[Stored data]
--- START ---

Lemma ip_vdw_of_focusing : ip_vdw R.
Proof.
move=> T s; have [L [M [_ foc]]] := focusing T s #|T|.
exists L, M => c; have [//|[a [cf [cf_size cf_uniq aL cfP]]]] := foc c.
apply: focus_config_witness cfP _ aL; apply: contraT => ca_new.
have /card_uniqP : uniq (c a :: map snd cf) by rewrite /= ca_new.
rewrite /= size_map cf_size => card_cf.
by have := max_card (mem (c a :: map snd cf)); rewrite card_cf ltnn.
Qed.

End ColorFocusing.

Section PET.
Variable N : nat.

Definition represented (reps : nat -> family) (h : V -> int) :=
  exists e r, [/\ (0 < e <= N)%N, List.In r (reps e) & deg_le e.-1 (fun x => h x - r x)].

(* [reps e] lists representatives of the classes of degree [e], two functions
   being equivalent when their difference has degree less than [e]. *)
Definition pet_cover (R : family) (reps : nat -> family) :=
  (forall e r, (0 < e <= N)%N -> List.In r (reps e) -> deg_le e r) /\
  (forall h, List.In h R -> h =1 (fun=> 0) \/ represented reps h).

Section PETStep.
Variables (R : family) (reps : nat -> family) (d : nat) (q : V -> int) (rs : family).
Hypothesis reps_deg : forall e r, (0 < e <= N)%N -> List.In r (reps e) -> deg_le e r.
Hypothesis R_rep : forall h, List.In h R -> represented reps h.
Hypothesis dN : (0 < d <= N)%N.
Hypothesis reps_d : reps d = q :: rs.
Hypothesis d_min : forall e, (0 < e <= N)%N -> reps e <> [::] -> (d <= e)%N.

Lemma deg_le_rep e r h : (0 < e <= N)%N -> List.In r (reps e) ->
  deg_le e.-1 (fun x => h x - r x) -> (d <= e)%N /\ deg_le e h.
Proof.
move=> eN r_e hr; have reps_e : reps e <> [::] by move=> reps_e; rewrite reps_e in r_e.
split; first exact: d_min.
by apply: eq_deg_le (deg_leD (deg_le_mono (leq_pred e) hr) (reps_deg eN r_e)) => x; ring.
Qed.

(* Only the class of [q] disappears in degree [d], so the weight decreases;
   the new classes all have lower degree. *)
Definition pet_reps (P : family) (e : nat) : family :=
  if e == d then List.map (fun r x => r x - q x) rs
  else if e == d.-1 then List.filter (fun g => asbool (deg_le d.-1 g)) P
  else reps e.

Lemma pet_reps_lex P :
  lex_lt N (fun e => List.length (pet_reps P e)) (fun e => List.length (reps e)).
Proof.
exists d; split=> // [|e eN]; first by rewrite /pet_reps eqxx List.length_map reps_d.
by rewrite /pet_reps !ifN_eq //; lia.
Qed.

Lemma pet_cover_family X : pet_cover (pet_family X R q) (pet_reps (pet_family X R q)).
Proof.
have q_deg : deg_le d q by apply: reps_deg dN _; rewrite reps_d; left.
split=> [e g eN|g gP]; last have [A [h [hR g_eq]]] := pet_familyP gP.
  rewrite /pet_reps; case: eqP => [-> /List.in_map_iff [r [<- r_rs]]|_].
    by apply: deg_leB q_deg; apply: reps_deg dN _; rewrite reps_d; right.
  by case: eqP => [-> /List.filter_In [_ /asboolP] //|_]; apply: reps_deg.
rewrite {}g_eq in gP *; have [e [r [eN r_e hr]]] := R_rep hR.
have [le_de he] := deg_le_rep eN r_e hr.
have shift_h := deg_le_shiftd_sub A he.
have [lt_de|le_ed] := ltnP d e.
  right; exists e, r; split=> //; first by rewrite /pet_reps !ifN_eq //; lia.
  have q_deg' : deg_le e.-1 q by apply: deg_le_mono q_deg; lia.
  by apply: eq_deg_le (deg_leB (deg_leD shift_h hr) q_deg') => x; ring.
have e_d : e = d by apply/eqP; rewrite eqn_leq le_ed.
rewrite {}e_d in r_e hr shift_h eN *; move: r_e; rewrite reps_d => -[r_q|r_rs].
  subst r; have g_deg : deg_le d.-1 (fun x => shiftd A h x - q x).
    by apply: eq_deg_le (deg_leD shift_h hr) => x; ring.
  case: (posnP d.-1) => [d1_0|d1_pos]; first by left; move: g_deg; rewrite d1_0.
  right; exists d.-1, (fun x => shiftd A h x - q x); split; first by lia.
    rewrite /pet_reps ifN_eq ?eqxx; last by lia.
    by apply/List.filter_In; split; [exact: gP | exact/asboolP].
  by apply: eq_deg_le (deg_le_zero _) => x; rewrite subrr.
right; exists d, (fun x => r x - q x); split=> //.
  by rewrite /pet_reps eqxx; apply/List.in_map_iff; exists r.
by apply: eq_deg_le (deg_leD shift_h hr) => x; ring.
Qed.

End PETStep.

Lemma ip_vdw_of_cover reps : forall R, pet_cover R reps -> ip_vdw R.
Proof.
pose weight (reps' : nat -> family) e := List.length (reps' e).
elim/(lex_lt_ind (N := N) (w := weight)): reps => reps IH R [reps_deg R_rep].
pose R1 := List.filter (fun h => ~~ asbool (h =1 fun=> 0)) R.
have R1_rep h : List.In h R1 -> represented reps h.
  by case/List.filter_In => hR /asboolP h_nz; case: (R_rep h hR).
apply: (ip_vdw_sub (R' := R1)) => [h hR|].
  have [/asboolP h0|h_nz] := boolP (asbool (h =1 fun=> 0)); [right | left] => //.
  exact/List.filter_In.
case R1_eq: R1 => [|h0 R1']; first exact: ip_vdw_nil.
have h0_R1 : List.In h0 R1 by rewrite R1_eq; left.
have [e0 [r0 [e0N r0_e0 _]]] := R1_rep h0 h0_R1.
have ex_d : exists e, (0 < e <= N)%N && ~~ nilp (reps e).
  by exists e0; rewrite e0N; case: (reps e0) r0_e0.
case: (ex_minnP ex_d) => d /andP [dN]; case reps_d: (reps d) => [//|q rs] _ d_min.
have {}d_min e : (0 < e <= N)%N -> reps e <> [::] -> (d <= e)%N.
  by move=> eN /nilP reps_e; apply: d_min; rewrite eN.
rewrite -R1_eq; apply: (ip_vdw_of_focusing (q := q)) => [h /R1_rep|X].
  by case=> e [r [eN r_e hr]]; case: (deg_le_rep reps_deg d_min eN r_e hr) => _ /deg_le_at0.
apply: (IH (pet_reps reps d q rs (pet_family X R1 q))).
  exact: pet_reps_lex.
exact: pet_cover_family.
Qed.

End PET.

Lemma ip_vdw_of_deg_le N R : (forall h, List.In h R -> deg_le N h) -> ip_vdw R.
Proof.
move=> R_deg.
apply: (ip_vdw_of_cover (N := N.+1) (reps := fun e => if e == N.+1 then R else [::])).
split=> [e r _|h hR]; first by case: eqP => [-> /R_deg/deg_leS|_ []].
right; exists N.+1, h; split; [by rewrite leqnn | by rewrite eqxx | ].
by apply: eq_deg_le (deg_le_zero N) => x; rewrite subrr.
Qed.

--- END ---

__Brief__
Please find every line in the records that contains the word "represented", and copy it out.

__Your solution__
Definition represented (reps : nat -> family) (h : V -> int) :=
  (forall h, List.In h R -> h =1 (fun=> 0) \/ represented reps h).
Hypothesis R_rep : forall h, List.In h R -> represented reps h.
have R1_rep h : List.In h R1 -> represented reps h.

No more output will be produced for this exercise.